THE DATA →
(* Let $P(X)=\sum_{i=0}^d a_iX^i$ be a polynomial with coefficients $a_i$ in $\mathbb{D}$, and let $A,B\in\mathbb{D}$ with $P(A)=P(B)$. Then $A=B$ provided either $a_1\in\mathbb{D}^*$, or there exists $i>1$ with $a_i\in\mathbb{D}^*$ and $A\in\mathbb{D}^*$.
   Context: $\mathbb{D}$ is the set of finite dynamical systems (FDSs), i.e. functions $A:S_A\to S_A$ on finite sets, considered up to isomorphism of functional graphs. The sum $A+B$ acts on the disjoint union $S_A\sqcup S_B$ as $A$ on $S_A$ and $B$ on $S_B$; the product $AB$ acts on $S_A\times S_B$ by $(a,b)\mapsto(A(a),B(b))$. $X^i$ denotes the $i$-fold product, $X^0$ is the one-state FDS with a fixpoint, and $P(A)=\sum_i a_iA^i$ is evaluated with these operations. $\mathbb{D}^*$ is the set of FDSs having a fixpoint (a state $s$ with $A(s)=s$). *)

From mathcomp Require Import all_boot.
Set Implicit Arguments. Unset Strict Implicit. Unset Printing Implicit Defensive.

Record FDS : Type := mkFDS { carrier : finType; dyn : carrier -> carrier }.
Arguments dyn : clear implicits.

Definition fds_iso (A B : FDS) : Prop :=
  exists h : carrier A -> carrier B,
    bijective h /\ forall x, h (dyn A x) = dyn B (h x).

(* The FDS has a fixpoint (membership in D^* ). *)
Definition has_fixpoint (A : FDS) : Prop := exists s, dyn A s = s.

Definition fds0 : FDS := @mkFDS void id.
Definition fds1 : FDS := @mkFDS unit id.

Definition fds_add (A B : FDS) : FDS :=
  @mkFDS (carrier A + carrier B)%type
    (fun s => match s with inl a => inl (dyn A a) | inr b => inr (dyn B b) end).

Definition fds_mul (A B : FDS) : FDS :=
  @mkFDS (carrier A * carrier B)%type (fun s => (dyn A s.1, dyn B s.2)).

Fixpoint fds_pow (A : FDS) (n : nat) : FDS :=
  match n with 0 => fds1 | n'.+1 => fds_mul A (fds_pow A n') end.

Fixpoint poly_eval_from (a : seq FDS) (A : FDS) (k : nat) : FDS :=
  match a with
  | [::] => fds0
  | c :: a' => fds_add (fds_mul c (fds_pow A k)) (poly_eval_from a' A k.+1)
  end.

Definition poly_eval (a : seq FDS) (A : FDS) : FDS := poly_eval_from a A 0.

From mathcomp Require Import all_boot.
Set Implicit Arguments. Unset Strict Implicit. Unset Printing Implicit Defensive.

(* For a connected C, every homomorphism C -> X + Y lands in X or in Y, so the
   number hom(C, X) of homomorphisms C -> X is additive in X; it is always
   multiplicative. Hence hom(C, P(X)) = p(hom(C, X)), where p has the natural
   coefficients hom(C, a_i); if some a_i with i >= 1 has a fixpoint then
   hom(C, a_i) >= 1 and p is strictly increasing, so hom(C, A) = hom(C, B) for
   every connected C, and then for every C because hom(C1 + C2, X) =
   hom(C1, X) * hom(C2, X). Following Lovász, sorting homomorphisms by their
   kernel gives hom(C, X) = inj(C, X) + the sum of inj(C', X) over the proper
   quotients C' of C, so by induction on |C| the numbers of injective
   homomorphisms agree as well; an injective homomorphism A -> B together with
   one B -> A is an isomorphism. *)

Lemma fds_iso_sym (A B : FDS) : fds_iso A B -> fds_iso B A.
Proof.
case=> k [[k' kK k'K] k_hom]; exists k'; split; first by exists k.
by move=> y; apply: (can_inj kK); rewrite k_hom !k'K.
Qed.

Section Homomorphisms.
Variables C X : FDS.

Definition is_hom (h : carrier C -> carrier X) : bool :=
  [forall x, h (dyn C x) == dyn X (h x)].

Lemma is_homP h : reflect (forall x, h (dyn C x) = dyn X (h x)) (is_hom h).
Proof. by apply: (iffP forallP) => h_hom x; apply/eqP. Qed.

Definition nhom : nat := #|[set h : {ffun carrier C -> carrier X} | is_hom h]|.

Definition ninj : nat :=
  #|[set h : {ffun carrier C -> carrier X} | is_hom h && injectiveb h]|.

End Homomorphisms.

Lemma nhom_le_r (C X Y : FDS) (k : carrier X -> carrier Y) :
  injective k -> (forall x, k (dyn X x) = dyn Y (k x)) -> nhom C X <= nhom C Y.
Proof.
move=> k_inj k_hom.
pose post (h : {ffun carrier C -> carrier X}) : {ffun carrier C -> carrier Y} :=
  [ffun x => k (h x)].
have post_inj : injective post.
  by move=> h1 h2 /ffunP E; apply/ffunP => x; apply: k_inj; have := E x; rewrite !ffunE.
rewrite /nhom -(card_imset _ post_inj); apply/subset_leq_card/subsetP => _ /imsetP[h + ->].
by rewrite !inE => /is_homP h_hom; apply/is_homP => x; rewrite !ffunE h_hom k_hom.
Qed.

--

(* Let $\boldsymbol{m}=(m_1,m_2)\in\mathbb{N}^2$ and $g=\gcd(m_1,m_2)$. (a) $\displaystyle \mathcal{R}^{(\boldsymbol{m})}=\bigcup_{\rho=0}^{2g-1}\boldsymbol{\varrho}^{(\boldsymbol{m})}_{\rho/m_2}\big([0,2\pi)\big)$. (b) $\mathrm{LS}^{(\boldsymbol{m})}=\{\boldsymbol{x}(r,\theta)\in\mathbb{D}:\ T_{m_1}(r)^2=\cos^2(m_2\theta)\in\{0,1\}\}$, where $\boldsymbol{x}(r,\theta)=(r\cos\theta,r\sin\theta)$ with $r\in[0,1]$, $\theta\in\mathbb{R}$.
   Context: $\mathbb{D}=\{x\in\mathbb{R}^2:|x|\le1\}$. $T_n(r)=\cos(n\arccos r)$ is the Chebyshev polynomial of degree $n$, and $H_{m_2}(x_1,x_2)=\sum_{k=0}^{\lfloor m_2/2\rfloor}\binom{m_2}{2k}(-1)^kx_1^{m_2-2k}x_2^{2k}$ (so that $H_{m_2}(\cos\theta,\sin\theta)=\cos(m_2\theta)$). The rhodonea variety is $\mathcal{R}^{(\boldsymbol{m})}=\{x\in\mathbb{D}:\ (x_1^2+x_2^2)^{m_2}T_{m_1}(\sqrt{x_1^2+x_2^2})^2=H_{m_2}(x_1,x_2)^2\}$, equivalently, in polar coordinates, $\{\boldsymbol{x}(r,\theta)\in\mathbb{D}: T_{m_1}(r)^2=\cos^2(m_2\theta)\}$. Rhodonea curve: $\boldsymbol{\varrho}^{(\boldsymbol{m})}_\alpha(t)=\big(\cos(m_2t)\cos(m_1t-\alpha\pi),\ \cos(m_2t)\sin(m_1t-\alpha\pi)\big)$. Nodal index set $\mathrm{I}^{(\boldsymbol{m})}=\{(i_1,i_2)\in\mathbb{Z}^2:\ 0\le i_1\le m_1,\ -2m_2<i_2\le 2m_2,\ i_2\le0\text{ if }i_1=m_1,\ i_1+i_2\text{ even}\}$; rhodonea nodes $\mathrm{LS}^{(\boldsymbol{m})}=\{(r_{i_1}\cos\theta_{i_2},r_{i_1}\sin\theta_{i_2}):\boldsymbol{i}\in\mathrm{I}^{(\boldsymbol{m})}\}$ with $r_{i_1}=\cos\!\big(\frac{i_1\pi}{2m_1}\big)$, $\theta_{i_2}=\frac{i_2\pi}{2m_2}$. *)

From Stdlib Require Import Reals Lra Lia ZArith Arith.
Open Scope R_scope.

--

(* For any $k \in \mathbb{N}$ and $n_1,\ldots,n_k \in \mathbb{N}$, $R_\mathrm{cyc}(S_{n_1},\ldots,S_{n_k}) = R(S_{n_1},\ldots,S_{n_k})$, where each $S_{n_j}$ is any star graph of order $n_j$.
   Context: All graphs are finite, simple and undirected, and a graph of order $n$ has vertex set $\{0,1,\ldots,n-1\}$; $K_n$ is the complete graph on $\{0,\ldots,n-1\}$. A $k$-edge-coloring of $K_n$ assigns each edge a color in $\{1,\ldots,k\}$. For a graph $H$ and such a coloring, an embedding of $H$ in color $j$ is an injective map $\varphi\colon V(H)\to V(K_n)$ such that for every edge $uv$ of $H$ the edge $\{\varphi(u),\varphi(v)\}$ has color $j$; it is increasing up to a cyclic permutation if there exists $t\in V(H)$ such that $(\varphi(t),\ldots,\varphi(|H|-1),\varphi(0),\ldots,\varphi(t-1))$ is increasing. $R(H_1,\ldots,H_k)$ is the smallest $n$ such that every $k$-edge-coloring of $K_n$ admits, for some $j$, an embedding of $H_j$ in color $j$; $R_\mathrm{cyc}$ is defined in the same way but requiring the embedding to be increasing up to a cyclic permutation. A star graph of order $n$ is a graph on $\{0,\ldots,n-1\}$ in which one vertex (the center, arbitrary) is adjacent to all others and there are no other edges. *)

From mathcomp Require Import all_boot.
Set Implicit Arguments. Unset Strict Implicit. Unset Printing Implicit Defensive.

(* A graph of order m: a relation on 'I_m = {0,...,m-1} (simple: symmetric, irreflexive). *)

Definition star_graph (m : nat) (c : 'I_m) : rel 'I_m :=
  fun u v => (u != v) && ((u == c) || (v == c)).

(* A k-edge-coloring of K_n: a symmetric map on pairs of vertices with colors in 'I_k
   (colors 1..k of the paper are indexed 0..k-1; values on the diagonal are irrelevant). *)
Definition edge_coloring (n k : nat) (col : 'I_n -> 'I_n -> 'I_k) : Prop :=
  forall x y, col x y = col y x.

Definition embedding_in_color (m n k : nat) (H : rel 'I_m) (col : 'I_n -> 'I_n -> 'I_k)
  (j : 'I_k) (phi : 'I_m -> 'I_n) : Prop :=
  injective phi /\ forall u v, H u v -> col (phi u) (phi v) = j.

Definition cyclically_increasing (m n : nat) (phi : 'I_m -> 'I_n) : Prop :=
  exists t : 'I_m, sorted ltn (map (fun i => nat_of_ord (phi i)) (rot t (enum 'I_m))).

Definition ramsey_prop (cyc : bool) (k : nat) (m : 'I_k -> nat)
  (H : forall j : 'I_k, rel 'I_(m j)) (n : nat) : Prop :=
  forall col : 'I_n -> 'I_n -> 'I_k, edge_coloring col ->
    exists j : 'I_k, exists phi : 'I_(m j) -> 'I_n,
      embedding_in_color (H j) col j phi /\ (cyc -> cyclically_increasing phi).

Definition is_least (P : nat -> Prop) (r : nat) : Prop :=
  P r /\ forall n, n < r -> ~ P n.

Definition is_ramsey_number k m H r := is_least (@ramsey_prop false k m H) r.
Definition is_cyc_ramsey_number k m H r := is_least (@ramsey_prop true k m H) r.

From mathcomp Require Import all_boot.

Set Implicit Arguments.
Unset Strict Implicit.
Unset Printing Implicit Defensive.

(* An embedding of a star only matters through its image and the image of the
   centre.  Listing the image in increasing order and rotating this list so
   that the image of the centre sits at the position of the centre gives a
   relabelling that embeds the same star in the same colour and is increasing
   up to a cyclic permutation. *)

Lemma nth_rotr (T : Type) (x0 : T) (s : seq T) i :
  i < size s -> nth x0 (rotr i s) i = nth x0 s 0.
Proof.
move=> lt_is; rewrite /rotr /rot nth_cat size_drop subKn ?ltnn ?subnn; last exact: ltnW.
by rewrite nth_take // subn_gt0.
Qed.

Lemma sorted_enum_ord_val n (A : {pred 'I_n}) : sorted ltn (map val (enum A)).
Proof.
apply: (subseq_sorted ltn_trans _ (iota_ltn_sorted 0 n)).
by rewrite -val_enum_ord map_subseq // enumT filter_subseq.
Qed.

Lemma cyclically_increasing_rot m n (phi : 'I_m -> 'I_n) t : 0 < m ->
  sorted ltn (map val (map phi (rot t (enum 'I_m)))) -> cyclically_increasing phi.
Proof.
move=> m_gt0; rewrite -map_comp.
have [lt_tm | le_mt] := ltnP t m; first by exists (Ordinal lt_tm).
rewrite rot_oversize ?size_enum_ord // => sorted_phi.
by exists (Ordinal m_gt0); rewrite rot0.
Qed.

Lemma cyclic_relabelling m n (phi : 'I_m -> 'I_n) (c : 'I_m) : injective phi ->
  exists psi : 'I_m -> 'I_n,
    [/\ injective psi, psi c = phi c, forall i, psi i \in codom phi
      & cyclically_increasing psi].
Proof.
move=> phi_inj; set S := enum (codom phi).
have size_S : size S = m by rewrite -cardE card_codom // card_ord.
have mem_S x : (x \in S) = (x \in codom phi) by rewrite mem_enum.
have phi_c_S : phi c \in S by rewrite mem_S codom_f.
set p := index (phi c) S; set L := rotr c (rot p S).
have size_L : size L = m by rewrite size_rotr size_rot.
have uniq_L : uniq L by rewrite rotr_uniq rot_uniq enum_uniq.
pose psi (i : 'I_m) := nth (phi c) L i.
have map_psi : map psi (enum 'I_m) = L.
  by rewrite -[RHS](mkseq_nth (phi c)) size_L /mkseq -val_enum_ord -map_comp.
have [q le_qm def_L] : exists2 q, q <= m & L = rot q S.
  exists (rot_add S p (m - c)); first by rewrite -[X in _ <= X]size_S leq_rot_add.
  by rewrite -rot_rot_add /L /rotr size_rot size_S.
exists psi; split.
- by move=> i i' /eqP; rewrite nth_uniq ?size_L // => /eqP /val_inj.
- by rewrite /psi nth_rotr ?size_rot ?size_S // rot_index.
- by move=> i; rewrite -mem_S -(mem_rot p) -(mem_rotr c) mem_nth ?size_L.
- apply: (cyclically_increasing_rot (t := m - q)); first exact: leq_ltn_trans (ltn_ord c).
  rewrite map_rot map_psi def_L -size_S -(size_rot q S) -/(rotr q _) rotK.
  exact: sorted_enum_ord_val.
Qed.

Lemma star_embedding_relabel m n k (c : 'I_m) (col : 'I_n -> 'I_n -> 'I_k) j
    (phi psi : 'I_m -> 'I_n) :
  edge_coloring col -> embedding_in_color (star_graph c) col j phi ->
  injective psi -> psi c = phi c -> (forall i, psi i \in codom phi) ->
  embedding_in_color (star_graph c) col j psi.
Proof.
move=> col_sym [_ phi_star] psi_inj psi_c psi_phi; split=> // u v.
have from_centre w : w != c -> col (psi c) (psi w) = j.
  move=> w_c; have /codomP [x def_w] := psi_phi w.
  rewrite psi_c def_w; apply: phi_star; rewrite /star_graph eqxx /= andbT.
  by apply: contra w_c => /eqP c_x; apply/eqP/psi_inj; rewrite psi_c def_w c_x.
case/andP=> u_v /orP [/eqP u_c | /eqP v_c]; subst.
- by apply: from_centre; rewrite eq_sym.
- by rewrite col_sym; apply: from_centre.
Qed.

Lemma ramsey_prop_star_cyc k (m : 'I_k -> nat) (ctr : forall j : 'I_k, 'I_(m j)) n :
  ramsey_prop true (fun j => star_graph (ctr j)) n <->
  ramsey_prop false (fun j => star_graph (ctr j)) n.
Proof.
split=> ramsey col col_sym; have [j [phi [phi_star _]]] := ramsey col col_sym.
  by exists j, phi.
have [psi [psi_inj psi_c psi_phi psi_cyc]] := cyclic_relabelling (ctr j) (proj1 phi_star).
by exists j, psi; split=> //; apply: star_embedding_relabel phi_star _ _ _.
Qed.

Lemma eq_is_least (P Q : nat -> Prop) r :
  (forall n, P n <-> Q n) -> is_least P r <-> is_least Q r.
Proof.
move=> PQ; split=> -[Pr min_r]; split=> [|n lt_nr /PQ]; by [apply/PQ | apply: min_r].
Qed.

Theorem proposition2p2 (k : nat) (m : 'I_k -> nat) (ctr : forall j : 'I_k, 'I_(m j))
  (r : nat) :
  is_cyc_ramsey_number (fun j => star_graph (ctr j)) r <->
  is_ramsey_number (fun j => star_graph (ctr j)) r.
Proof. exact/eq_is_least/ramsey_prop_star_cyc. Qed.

INSTRUCTIONS FOR THE TASK → Return a word-for-word copy of the lines above from the one holding "by exists (Ordinal m_gt0); rewrite rot0." through the one holding "exists (rot_add S", with both of them included and nothing besides.

THE COMPLETED TASK →
by exists (Ordinal m_gt0); rewrite rot0.
Qed.

Lemma cyclic_relabelling m n (phi : 'I_m -> 'I_n) (c : 'I_m) : injective phi ->
  exists psi : 'I_m -> 'I_n,
    [/\ injective psi, psi c = phi c, forall i, psi i \in codom phi
      & cyclically_increasing psi].
Proof.
move=> phi_inj; set S := enum (codom phi).
have size_S : size S = m by rewrite -cardE card_codom // card_ord.
have mem_S x : (x \in S) = (x \in codom phi) by rewrite mem_enum.
have phi_c_S : phi c \in S by rewrite mem_S codom_f.
set p := index (phi c) S; set L := rotr c (rot p S).
have size_L : size L = m by rewrite size_rotr size_rot.
have uniq_L : uniq L by rewrite rotr_uniq rot_uniq enum_uniq.
pose psi (i : 'I_m) := nth (phi c) L i.
have map_psi : map psi (enum 'I_m) = L.
  by rewrite -[RHS](mkseq_nth (phi c)) size_L /mkseq -val_enum_ord -map_comp.
have [q le_qm def_L] : exists2 q, q <= m & L = rot q S.
  exists (rot_add S p (m - c)); first by rewrite -[X in _ <= X]size_S leq_rot_add.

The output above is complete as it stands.